## What is expected:
Only the stretch of the listing below that runs from the line with "by case uZ: (u" through the line with "case/exists_inP => v" is to be printed, exactly and with both ends.

## Material provided:
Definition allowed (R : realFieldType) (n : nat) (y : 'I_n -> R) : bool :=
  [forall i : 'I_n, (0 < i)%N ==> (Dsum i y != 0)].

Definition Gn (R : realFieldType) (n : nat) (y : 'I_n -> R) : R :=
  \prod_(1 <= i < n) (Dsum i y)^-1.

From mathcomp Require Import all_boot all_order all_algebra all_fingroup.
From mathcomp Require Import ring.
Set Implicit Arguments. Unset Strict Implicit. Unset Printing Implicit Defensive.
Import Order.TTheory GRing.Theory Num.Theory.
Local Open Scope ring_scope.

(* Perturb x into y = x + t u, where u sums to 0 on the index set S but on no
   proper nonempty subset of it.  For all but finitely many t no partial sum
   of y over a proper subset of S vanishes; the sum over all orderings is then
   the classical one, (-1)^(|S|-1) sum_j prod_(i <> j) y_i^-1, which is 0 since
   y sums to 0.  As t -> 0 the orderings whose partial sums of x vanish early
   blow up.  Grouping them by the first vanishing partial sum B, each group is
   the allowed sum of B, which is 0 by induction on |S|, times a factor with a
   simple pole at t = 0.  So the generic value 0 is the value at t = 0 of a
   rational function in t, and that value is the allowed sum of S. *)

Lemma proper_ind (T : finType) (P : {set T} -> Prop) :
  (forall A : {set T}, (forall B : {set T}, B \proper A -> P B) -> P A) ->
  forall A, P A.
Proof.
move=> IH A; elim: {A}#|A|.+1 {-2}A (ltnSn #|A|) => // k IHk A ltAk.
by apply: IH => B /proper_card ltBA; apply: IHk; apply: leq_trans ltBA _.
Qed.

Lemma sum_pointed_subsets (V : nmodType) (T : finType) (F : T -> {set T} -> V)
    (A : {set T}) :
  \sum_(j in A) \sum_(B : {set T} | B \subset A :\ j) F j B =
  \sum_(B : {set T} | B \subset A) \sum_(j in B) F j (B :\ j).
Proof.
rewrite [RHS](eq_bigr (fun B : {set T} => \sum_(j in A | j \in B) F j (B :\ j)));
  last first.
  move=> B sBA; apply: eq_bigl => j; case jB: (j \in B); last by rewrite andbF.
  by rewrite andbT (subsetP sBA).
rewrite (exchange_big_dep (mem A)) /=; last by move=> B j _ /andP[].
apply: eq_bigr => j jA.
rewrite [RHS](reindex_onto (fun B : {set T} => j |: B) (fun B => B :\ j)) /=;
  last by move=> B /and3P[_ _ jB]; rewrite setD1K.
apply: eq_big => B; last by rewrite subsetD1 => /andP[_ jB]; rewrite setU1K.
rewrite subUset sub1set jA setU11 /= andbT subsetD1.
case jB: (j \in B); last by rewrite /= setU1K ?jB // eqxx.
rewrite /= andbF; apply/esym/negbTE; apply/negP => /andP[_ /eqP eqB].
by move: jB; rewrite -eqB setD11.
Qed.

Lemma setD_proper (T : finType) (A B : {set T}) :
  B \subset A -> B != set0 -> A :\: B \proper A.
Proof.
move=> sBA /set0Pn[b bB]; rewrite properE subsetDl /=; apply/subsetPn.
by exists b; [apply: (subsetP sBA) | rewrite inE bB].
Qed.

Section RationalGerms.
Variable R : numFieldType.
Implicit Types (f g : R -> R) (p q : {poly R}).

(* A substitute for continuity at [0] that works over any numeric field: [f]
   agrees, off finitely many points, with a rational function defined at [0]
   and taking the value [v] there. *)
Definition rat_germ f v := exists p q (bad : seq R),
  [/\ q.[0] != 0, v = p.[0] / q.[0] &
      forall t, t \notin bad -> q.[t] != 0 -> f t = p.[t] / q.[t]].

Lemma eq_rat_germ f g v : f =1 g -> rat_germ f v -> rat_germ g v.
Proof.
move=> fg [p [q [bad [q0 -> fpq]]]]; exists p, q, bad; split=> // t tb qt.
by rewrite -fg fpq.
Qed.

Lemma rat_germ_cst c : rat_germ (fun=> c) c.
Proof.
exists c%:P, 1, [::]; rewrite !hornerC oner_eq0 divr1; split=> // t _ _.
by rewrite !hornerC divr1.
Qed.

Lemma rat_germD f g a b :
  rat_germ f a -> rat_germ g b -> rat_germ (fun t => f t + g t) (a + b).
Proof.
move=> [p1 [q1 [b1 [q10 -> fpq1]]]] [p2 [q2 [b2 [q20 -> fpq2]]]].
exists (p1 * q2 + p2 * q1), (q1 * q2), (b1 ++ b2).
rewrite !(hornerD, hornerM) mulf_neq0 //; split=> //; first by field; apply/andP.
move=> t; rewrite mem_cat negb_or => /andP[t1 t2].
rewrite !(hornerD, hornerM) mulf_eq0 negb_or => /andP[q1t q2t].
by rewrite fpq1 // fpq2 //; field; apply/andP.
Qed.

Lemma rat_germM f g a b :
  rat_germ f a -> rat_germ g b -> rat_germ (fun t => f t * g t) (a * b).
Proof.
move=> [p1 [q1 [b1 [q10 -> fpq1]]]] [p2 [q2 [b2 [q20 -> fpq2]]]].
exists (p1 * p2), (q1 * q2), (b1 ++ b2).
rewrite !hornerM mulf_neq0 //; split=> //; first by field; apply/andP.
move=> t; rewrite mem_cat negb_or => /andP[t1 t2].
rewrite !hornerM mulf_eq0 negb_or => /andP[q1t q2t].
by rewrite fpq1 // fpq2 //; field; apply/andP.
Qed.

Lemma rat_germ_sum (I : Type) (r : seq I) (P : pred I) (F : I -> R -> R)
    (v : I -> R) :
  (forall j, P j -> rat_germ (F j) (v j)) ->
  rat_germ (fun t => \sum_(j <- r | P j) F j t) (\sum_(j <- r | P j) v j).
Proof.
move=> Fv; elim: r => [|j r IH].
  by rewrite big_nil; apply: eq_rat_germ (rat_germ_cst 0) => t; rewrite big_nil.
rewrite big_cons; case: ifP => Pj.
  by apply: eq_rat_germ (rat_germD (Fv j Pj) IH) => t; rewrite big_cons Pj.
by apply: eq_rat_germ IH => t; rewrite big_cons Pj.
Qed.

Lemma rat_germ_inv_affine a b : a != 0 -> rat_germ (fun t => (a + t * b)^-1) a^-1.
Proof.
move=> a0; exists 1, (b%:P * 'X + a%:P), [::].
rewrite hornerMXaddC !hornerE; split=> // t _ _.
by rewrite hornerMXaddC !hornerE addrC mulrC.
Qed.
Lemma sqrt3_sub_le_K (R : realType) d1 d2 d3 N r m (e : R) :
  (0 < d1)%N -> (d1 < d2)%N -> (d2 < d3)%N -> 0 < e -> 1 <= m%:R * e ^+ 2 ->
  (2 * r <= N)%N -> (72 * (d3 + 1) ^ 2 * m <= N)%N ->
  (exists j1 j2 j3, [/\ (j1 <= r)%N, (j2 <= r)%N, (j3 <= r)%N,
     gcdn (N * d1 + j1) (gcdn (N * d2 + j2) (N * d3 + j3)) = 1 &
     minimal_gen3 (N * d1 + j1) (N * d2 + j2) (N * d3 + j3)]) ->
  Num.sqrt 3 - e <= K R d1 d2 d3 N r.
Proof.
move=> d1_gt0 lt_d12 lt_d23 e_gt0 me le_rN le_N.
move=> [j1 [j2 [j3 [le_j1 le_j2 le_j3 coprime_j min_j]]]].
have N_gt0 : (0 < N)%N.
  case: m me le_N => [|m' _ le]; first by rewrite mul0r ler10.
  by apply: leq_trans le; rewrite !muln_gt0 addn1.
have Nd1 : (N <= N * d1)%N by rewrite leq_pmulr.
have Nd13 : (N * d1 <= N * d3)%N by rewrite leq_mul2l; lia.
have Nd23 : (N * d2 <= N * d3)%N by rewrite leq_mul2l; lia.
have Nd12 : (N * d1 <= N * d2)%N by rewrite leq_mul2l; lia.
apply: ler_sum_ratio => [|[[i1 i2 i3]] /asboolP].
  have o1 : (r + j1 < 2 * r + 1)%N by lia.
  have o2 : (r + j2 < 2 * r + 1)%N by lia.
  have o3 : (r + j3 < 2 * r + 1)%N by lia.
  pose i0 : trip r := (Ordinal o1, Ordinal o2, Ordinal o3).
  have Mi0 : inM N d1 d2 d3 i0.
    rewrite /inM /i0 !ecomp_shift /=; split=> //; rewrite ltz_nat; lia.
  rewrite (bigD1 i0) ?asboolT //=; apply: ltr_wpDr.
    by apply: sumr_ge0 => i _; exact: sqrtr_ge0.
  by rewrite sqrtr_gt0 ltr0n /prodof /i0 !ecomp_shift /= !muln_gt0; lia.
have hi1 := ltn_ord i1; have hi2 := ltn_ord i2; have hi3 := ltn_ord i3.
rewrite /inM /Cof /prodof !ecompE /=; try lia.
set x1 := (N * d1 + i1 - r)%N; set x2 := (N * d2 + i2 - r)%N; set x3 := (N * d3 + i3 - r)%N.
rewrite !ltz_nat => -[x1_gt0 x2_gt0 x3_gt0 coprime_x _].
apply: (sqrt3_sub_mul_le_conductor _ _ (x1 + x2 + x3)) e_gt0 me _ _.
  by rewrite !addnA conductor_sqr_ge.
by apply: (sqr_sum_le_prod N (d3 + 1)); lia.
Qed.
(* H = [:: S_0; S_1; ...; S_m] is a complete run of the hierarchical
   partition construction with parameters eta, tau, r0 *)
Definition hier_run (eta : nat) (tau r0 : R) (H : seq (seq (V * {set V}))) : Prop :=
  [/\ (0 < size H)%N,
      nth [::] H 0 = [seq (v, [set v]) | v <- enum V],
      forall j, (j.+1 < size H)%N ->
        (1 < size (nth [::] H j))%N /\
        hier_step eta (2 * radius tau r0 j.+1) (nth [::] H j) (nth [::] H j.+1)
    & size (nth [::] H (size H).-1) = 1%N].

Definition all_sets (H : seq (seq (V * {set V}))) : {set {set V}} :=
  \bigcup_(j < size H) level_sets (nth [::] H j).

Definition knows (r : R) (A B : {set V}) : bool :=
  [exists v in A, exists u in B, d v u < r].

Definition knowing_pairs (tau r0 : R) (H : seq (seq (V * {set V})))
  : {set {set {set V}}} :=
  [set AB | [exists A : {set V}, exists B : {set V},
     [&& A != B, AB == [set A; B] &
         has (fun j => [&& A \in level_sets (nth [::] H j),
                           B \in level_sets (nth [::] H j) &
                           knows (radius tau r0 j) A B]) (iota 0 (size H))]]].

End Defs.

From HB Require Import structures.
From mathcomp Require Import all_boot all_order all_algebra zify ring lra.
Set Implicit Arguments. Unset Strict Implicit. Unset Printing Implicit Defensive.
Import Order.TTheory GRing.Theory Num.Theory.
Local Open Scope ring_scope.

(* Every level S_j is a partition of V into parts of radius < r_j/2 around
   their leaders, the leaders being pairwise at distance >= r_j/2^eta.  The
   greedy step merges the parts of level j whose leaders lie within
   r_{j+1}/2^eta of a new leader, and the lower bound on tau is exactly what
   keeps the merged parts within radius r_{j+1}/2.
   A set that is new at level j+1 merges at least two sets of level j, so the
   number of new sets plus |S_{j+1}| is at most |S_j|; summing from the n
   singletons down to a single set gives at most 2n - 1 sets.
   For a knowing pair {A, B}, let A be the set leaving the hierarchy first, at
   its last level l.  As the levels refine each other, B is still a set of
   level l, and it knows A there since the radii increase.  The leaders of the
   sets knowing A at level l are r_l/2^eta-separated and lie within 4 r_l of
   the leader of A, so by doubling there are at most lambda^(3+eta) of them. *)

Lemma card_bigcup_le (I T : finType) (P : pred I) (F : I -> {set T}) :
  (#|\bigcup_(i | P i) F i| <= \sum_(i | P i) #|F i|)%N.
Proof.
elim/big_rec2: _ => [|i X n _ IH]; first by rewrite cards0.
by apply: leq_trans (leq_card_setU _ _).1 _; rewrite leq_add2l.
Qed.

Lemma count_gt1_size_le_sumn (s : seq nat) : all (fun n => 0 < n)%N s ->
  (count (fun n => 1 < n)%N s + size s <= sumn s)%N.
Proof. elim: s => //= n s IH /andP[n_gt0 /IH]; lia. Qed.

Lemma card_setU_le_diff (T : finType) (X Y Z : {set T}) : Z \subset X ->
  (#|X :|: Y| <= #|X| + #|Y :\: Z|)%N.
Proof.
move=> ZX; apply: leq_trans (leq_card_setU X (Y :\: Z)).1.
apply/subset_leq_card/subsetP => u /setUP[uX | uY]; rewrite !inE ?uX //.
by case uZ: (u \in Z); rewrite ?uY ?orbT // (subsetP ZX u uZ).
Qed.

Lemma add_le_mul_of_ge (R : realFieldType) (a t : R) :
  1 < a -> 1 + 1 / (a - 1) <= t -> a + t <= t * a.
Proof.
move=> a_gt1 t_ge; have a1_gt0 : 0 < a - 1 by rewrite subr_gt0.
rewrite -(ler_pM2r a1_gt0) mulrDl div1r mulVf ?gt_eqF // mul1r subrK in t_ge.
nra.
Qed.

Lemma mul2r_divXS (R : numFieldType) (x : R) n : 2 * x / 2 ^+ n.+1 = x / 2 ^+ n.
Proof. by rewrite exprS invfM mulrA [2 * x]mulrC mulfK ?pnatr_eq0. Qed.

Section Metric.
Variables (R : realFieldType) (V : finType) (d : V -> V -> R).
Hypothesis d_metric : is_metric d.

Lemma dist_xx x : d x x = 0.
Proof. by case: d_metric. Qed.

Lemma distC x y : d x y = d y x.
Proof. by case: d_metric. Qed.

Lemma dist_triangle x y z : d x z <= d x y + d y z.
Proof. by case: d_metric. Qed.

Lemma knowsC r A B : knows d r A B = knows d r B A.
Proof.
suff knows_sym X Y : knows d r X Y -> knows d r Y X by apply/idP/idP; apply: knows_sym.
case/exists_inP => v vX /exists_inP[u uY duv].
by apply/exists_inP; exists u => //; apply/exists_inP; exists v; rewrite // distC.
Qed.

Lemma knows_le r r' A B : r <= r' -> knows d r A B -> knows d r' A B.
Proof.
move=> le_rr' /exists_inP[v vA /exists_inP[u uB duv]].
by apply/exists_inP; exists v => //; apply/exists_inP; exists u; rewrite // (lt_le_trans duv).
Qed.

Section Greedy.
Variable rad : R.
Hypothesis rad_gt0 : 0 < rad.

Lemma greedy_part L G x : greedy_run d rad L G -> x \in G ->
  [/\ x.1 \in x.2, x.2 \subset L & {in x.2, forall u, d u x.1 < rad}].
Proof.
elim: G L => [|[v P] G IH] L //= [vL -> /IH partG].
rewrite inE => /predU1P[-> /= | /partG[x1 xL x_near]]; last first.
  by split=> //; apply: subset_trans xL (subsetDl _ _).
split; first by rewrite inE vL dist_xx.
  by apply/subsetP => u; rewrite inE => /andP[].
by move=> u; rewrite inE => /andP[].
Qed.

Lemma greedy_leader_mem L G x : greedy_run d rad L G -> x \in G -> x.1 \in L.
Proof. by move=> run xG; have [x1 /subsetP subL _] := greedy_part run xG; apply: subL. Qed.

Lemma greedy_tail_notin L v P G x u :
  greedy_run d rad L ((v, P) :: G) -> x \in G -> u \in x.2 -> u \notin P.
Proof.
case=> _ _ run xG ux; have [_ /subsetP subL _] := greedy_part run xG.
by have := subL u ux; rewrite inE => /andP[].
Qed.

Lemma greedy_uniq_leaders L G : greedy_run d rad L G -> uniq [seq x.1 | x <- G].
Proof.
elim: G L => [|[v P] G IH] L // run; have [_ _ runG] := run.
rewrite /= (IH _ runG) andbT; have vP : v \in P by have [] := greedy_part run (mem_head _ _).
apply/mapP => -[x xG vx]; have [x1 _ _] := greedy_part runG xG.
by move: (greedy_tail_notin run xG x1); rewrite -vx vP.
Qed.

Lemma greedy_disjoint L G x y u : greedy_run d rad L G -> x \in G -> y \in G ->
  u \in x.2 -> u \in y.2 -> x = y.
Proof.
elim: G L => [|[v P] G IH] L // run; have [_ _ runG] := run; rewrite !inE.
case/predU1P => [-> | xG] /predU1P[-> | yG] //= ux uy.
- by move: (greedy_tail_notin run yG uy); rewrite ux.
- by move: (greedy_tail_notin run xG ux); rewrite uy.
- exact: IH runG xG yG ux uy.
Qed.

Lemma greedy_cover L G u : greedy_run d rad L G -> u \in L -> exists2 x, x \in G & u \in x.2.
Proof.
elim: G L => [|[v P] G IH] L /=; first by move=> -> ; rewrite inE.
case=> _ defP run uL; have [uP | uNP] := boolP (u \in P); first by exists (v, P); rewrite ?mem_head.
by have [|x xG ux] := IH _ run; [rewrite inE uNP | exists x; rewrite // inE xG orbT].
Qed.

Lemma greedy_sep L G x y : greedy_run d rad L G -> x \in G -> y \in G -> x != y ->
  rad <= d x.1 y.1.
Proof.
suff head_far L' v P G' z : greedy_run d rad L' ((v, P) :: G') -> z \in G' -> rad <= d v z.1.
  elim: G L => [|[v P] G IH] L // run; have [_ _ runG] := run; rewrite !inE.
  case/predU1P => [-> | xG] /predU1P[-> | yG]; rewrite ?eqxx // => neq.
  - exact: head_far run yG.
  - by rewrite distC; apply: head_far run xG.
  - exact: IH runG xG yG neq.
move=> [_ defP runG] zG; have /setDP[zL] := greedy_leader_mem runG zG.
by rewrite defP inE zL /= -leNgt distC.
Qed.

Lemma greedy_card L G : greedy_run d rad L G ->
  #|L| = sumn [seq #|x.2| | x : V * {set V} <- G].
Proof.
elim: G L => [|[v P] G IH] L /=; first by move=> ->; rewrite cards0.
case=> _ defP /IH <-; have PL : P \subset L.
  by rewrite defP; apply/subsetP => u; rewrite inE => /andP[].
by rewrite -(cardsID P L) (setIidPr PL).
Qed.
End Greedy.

## Answer to the problem:
by case uZ: (u \in Z); rewrite ?uY ?orbT // (subsetP ZX u uZ).
Qed.

Lemma add_le_mul_of_ge (R : realFieldType) (a t : R) :
  1 < a -> 1 + 1 / (a - 1) <= t -> a + t <= t * a.
Proof.
move=> a_gt1 t_ge; have a1_gt0 : 0 < a - 1 by rewrite subr_gt0.
rewrite -(ler_pM2r a1_gt0) mulrDl div1r mulVf ?gt_eqF // mul1r subrK in t_ge.
nra.
Qed.

Lemma mul2r_divXS (R : numFieldType) (x : R) n : 2 * x / 2 ^+ n.+1 = x / 2 ^+ n.
Proof. by rewrite exprS invfM mulrA [2 * x]mulrC mulfK ?pnatr_eq0. Qed.

Section Metric.
Variables (R : realFieldType) (V : finType) (d : V -> V -> R).
Hypothesis d_metric : is_metric d.

Lemma dist_xx x : d x x = 0.
Proof. by case: d_metric. Qed.

Lemma distC x y : d x y = d y x.
Proof. by case: d_metric. Qed.

Lemma dist_triangle x y z : d x z <= d x y + d y z.
Proof. by case: d_metric. Qed.

Lemma knowsC r A B : knows d r A B = knows d r B A.
Proof.
suff knows_sym X Y : knows d r X Y -> knows d r Y X by apply/idP/idP; apply: knows_sym.
case/exists_inP => v vX /exists_inP[u uY duv].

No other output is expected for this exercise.